*Records supplied*
-- -- --

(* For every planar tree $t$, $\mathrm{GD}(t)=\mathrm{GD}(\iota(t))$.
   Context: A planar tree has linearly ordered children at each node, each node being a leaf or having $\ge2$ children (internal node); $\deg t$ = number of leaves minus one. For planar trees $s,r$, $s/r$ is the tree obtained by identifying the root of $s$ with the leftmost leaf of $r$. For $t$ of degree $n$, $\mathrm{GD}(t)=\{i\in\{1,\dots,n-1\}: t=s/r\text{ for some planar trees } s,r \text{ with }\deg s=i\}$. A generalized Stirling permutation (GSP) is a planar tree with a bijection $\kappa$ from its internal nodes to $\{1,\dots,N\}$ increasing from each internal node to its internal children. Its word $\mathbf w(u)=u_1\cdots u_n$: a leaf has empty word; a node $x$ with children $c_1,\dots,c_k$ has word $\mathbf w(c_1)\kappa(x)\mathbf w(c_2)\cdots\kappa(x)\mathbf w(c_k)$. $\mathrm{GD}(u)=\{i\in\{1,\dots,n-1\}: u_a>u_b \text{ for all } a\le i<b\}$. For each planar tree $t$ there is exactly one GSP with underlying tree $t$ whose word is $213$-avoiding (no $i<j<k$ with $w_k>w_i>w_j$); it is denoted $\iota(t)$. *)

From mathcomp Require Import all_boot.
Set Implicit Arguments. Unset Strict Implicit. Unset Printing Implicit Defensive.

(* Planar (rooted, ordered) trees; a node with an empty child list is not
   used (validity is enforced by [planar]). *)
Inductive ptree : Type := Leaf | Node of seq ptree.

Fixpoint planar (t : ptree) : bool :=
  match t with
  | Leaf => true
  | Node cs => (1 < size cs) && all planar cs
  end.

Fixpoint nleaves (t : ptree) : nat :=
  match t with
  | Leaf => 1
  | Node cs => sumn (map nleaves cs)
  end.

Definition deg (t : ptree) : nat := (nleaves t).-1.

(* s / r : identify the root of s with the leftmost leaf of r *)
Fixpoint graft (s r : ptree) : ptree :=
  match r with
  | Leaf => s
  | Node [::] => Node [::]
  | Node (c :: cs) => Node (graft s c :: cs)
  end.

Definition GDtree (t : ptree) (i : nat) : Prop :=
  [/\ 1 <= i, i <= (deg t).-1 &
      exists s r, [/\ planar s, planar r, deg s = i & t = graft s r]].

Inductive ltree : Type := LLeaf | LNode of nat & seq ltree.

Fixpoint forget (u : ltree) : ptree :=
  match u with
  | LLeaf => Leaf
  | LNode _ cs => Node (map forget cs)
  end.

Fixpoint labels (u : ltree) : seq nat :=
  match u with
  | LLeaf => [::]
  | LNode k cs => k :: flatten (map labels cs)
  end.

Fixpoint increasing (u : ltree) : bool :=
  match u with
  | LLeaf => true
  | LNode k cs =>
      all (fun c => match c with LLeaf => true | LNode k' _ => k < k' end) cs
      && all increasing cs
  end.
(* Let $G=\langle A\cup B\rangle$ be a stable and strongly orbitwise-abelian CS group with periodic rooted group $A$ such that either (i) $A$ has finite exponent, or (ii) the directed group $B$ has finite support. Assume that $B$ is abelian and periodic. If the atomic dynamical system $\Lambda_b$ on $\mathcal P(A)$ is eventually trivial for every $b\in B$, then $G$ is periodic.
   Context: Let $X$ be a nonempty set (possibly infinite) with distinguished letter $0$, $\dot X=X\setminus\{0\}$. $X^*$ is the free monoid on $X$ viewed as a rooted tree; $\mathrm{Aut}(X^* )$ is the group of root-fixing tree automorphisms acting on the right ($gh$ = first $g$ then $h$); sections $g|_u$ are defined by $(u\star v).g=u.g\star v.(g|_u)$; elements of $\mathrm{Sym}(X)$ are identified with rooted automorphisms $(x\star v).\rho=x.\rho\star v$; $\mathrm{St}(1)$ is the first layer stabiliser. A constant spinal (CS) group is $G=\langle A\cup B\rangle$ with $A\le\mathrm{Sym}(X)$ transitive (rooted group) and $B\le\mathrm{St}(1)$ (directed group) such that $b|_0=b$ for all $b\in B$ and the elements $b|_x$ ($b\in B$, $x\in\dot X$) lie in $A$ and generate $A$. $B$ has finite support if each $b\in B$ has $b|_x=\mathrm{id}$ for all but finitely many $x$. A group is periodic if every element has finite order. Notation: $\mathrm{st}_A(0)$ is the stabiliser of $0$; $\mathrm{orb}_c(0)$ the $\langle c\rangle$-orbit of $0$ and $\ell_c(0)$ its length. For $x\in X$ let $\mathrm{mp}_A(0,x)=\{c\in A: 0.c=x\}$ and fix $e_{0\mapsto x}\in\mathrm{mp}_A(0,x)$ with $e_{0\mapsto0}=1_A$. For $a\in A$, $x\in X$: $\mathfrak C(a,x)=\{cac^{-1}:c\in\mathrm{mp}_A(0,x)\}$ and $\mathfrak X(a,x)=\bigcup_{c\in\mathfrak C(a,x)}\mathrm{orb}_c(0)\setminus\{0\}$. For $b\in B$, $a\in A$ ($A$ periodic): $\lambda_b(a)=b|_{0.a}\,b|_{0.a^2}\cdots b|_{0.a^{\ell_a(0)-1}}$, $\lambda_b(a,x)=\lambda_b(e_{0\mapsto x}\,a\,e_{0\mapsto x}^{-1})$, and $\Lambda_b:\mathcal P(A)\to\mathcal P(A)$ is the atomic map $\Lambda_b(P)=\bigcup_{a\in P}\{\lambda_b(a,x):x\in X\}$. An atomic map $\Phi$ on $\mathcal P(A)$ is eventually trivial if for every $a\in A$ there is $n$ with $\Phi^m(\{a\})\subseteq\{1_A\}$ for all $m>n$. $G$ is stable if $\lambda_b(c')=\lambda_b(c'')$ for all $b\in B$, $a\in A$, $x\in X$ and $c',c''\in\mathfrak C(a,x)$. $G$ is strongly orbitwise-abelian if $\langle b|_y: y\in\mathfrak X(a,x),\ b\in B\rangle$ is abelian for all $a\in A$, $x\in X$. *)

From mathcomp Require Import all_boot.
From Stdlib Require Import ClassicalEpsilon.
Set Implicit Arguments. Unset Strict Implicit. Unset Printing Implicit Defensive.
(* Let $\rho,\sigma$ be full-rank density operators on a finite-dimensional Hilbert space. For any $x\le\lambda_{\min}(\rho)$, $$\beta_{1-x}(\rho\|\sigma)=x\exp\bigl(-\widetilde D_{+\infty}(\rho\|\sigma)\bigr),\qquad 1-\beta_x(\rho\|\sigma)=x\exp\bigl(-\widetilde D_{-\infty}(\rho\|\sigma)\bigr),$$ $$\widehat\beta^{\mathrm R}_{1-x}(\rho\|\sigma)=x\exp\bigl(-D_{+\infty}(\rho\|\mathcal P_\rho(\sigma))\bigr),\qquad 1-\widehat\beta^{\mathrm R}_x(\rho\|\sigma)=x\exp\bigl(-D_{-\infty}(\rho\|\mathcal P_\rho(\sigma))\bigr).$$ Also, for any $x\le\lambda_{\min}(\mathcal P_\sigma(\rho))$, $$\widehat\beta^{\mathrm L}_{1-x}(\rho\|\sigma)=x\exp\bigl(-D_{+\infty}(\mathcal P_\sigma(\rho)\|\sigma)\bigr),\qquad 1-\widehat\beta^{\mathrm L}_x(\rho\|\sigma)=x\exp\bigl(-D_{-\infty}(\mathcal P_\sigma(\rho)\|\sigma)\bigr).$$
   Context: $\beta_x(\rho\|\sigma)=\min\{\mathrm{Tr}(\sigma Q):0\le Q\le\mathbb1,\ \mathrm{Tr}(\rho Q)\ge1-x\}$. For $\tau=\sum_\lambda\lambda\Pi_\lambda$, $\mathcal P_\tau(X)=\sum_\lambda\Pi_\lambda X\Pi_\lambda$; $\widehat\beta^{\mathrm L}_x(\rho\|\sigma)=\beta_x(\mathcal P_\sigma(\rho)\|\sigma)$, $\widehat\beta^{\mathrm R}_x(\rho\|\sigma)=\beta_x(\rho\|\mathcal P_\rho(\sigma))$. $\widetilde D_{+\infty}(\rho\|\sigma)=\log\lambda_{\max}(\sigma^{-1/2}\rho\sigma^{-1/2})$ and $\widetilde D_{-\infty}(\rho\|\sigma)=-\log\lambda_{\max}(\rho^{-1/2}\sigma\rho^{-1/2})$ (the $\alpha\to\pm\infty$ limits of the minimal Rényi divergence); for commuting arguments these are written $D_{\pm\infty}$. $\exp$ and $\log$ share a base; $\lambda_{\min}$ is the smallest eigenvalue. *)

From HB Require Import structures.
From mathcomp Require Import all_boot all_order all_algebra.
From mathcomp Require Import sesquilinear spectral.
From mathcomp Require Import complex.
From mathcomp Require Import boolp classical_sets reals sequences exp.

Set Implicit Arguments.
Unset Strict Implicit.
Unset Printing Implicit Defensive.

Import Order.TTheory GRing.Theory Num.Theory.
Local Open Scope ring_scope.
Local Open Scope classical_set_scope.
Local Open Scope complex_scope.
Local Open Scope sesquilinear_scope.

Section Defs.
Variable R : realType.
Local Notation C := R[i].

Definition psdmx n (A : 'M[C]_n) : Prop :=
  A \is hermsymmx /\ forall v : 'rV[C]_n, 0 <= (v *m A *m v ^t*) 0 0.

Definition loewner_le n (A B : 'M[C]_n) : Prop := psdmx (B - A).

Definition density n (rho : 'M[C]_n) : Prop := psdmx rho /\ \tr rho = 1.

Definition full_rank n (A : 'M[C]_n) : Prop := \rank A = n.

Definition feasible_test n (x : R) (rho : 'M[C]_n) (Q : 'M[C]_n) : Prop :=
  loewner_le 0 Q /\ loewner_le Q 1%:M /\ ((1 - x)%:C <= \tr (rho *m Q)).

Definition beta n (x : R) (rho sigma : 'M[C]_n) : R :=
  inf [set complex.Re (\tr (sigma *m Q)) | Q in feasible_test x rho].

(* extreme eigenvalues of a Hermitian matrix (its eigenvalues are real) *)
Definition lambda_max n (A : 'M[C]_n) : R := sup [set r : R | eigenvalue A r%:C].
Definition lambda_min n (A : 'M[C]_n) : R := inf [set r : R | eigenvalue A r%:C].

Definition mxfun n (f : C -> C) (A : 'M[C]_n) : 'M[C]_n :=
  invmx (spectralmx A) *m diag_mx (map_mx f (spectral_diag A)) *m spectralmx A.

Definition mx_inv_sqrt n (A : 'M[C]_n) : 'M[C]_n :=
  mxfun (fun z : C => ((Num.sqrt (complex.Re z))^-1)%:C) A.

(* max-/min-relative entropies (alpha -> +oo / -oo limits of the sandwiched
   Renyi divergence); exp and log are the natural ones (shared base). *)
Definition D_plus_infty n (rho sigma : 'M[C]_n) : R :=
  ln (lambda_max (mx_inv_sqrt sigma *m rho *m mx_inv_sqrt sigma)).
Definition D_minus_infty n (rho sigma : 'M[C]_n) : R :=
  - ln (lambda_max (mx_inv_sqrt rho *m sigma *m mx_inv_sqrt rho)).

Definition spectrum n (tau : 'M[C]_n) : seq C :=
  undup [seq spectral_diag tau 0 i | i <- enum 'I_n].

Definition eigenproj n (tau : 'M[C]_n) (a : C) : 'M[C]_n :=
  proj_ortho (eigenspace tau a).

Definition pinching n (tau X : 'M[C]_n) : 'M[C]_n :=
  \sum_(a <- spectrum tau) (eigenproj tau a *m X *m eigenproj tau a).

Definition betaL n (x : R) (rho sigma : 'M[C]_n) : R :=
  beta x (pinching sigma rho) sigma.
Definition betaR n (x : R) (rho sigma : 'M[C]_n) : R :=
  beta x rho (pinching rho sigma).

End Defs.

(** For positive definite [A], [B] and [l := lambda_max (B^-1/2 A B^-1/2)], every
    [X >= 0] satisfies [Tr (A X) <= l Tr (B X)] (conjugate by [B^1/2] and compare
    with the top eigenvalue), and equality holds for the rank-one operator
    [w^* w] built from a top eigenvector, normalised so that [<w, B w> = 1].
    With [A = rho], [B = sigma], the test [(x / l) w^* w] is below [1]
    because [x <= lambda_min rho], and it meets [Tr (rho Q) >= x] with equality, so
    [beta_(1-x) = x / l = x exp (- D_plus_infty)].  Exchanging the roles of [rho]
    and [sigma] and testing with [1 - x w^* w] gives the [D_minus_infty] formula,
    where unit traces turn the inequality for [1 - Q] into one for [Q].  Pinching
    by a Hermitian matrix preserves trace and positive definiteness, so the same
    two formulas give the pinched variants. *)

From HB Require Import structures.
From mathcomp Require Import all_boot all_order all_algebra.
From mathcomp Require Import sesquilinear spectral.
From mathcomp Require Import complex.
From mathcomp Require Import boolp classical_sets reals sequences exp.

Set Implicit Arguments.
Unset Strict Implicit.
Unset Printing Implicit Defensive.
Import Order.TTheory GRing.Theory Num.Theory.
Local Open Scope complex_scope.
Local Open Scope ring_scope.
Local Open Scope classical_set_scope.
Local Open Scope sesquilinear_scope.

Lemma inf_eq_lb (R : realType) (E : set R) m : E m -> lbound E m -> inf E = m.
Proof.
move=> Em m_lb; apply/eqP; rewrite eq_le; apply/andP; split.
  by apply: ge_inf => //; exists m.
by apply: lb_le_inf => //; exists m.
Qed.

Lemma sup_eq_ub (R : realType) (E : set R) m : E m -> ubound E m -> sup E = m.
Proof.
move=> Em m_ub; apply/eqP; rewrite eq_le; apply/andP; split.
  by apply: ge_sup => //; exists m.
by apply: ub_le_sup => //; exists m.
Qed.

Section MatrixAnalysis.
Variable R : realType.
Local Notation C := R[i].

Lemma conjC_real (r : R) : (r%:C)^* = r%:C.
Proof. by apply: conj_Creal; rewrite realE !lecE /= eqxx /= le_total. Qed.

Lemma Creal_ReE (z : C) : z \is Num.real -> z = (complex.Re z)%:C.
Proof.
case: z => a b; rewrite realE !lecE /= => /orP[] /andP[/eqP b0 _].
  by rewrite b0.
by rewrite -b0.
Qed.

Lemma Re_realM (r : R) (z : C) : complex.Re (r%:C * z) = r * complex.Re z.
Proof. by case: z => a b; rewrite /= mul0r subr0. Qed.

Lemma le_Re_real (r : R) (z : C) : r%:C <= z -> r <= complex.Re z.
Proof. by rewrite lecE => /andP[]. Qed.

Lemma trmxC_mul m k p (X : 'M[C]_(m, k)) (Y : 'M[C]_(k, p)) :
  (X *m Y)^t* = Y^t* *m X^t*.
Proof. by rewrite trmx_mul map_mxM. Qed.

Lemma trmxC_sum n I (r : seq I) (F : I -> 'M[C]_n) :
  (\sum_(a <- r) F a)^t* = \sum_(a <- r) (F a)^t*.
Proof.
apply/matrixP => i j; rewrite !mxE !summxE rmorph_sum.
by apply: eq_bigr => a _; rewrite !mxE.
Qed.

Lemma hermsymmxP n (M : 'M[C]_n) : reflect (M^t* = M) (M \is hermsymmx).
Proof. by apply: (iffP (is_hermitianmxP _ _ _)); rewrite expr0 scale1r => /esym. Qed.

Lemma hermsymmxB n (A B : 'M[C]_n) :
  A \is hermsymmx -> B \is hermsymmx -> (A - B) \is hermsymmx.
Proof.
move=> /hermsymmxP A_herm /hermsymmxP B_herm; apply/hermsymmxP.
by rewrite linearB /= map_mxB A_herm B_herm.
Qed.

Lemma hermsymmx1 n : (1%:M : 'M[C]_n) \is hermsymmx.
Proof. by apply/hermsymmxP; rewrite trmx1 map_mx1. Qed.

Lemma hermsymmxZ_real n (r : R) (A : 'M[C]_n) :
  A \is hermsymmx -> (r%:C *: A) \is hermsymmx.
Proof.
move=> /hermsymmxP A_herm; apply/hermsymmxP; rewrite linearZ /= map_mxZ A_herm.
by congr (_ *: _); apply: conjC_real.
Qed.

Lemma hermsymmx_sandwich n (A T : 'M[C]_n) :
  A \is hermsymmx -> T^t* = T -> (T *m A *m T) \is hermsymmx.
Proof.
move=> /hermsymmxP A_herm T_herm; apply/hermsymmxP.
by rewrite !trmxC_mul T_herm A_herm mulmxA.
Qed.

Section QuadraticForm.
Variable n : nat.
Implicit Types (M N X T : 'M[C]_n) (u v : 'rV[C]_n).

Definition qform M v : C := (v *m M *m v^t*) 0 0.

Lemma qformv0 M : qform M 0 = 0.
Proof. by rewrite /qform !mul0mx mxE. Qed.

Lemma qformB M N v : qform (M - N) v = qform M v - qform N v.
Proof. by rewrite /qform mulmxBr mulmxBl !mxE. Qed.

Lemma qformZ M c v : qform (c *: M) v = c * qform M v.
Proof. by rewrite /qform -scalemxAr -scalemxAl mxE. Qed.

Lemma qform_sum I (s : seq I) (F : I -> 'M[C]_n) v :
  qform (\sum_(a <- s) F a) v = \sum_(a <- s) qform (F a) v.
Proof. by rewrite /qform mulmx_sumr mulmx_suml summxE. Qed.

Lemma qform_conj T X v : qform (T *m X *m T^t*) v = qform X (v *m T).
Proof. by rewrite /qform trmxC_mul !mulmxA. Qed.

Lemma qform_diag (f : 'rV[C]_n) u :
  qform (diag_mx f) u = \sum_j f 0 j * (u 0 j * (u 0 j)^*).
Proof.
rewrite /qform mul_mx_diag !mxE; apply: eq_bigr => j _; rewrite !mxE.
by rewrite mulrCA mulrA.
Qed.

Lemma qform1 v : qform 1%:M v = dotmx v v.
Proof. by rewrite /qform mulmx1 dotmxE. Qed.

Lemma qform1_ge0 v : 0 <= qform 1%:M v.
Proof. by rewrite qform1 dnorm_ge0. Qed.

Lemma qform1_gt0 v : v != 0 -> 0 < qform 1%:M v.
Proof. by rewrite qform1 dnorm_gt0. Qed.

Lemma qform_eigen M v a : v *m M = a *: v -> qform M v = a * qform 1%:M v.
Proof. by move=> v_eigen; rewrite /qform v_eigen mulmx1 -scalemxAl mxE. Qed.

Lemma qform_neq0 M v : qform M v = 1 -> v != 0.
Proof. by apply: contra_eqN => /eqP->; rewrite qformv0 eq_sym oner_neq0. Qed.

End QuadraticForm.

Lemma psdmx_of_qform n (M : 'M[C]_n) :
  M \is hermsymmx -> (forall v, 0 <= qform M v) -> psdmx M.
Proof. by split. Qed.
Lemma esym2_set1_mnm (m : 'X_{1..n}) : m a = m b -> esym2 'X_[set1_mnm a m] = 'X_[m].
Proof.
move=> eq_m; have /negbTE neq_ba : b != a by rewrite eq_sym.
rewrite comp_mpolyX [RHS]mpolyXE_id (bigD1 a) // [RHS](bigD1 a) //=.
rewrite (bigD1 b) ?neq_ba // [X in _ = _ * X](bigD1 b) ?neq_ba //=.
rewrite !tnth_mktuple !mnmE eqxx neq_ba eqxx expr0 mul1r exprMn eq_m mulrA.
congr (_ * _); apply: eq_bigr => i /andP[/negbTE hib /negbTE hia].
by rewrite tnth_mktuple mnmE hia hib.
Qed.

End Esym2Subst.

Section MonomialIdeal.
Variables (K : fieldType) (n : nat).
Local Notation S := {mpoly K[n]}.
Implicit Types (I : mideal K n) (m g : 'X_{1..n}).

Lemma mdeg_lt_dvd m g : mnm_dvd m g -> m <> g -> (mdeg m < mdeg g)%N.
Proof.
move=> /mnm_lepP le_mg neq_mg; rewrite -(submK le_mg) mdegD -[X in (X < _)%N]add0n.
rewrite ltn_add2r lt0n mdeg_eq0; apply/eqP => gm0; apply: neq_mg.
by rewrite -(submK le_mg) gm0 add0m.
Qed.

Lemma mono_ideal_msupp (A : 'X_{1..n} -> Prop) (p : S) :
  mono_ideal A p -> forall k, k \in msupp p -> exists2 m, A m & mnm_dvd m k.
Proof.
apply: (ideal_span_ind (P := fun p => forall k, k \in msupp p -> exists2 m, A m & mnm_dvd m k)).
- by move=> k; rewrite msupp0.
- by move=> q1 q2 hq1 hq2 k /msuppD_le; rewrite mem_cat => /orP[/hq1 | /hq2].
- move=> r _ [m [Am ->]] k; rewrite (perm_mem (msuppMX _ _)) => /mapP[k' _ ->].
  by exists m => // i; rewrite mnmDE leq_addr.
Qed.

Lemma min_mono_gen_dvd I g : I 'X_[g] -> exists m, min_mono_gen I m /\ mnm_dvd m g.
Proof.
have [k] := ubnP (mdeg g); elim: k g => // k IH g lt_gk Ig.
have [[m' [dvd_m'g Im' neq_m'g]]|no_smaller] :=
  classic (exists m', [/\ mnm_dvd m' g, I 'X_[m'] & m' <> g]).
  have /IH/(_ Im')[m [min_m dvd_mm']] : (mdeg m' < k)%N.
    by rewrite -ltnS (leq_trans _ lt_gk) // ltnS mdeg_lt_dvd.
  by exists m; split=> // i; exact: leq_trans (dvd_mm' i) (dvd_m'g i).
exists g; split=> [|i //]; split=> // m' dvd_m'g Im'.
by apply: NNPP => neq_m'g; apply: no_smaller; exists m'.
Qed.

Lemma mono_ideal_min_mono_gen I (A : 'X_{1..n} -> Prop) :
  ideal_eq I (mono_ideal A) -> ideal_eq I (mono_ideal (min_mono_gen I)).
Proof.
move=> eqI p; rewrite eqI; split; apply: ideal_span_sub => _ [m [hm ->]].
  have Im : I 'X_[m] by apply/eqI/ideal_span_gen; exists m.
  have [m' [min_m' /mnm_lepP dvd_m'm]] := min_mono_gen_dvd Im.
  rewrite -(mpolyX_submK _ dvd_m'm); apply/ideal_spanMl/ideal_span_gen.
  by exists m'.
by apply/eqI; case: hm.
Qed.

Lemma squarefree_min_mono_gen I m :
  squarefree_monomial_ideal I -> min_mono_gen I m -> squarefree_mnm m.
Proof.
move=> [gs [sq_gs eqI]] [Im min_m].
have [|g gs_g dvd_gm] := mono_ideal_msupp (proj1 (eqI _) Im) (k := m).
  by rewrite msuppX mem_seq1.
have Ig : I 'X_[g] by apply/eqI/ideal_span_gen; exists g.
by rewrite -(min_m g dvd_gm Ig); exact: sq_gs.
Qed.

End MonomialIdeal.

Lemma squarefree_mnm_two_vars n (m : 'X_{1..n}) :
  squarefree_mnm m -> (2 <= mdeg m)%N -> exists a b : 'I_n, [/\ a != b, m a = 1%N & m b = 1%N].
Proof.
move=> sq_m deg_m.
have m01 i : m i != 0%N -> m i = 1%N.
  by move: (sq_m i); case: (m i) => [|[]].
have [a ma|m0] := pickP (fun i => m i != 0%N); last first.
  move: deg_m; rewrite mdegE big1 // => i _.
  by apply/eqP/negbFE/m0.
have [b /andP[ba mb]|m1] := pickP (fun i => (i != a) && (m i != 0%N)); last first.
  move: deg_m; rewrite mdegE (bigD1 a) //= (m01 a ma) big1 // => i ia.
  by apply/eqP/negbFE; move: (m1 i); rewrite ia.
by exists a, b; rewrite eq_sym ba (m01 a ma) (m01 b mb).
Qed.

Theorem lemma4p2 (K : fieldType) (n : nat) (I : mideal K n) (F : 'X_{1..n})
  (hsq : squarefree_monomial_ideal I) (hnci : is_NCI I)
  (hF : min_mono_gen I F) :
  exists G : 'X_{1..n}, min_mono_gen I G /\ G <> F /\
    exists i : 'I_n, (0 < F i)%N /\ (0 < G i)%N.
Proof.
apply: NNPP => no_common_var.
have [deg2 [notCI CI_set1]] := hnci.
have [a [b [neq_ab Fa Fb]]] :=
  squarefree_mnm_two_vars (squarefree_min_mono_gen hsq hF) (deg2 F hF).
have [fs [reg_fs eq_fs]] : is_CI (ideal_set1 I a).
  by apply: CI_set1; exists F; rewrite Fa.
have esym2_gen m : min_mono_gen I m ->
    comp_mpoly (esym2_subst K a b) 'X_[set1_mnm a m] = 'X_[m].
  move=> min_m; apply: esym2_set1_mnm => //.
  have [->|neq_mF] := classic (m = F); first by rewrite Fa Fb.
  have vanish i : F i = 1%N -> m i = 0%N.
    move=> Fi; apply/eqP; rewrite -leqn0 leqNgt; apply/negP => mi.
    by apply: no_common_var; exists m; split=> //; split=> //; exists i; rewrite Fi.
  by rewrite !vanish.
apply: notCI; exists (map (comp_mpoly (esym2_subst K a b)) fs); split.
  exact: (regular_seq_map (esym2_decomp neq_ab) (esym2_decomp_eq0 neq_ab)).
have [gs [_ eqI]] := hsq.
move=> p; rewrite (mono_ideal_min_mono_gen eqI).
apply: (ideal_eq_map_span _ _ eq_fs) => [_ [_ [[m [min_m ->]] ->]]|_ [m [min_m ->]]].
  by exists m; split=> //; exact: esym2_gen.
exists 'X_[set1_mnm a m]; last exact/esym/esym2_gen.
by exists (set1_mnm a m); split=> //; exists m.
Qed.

-- -- --

Repeat word for word the lines above that run from the line containing "End MonomialIdeal." through the line containing "by apply/eqP/negbFE/m0.", both ends included, and nothing else.

End MonomialIdeal.

Lemma squarefree_mnm_two_vars n (m : 'X_{1..n}) :
  squarefree_mnm m -> (2 <= mdeg m)%N -> exists a b : 'I_n, [/\ a != b, m a = 1%N & m b = 1%N].
Proof.
move=> sq_m deg_m.
have m01 i : m i != 0%N -> m i = 1%N.
  by move: (sq_m i); case: (m i) => [|[]].
have [a ma|m0] := pickP (fun i => m i != 0%N); last first.
  move: deg_m; rewrite mdegE big1 // => i _.
  by apply/eqP/negbFE/m0.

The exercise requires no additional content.